**PROBLEM TO SOLVE**
Copy every line from the records that holds the word "modnMDl".

**RECORDS FOR THE EXERCISE**

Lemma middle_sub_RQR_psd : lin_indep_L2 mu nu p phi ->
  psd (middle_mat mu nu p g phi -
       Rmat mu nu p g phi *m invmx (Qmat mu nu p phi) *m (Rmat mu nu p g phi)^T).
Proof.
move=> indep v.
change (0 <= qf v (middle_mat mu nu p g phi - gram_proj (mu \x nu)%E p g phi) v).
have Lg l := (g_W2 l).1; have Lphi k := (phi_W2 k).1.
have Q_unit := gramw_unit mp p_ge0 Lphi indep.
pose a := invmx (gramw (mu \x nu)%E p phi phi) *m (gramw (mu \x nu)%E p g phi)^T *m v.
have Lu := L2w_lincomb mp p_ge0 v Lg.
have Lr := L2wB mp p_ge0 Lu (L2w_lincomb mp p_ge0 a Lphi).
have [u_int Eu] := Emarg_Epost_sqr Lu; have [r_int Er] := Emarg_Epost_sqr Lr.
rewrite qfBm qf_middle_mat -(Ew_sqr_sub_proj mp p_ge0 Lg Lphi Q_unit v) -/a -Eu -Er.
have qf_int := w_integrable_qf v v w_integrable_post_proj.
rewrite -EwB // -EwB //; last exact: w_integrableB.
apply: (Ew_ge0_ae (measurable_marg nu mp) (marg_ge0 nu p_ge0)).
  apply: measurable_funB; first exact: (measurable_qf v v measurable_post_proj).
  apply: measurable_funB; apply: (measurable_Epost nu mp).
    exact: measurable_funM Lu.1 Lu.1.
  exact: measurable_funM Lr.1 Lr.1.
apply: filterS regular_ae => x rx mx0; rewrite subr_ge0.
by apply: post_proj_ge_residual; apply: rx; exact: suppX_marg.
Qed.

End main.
--
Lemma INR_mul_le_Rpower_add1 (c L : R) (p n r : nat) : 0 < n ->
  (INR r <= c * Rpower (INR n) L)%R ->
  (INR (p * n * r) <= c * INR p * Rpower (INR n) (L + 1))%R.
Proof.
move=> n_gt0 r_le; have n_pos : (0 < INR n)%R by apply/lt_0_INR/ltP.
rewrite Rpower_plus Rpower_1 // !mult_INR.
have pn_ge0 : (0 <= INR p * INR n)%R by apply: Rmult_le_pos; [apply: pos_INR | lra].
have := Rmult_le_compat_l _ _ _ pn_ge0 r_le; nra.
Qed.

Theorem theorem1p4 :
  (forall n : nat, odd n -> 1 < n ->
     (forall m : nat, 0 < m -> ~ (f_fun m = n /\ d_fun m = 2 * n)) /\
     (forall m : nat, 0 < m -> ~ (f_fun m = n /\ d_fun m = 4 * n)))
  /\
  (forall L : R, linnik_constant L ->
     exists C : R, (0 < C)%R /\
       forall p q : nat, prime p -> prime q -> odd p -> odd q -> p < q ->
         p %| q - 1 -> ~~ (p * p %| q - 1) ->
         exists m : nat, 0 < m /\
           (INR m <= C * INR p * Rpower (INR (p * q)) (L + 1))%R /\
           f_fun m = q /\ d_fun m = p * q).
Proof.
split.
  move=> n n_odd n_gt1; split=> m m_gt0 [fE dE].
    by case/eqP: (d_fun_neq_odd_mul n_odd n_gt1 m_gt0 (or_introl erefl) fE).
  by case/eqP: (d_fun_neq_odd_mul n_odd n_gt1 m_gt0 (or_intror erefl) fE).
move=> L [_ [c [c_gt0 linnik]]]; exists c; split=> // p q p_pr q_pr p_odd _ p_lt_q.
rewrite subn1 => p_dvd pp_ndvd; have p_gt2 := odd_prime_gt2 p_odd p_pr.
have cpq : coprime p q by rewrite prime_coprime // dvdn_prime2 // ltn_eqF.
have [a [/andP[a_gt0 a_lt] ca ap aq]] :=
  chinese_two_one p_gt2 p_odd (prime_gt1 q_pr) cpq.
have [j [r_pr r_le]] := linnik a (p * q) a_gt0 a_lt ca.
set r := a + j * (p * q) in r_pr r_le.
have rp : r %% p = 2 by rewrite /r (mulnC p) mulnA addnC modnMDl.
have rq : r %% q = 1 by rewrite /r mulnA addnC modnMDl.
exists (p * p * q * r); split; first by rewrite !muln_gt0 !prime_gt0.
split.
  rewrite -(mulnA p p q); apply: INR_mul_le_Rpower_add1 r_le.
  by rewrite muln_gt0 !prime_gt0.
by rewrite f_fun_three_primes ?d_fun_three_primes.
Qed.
...
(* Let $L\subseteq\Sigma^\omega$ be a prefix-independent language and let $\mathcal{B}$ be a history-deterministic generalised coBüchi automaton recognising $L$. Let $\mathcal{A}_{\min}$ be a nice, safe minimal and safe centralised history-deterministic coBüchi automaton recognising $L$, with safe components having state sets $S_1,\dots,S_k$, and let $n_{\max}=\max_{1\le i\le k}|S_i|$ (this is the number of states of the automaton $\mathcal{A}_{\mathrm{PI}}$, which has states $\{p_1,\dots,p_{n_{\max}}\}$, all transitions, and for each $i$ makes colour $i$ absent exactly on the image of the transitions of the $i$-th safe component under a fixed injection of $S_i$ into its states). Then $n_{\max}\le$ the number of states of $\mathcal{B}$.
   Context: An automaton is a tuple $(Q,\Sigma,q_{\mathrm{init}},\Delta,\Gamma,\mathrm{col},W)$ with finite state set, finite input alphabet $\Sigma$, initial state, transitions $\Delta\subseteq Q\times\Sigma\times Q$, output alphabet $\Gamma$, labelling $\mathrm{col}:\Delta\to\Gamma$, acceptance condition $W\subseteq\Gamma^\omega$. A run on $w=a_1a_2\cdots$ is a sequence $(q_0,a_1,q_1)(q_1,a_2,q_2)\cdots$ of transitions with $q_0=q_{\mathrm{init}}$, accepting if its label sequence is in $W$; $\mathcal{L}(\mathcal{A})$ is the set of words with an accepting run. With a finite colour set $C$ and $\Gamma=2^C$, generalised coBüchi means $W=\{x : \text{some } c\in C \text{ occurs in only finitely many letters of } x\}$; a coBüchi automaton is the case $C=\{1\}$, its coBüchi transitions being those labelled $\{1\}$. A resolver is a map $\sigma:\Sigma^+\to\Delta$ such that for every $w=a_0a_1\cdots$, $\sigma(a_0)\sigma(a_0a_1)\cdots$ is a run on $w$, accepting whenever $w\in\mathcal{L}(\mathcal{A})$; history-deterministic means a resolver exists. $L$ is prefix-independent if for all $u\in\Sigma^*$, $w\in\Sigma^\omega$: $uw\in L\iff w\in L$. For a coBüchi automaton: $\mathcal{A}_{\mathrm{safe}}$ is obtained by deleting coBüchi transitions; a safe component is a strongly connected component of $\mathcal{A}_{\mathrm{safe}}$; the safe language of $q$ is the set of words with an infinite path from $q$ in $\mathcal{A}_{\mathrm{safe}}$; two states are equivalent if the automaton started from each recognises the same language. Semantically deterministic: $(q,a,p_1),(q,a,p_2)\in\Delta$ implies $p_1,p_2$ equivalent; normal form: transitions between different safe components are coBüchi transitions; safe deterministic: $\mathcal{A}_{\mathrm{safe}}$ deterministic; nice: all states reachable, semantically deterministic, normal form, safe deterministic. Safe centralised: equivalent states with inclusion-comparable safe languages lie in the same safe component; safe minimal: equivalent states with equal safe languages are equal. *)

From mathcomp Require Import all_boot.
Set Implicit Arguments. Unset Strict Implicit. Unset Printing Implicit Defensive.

**FINISHED EXERCISE**
have rp : r %% p = 2 by rewrite /r (mulnC p) mulnA addnC modnMDl.
have rq : r %% q = 1 by rewrite /r mulnA addnC modnMDl.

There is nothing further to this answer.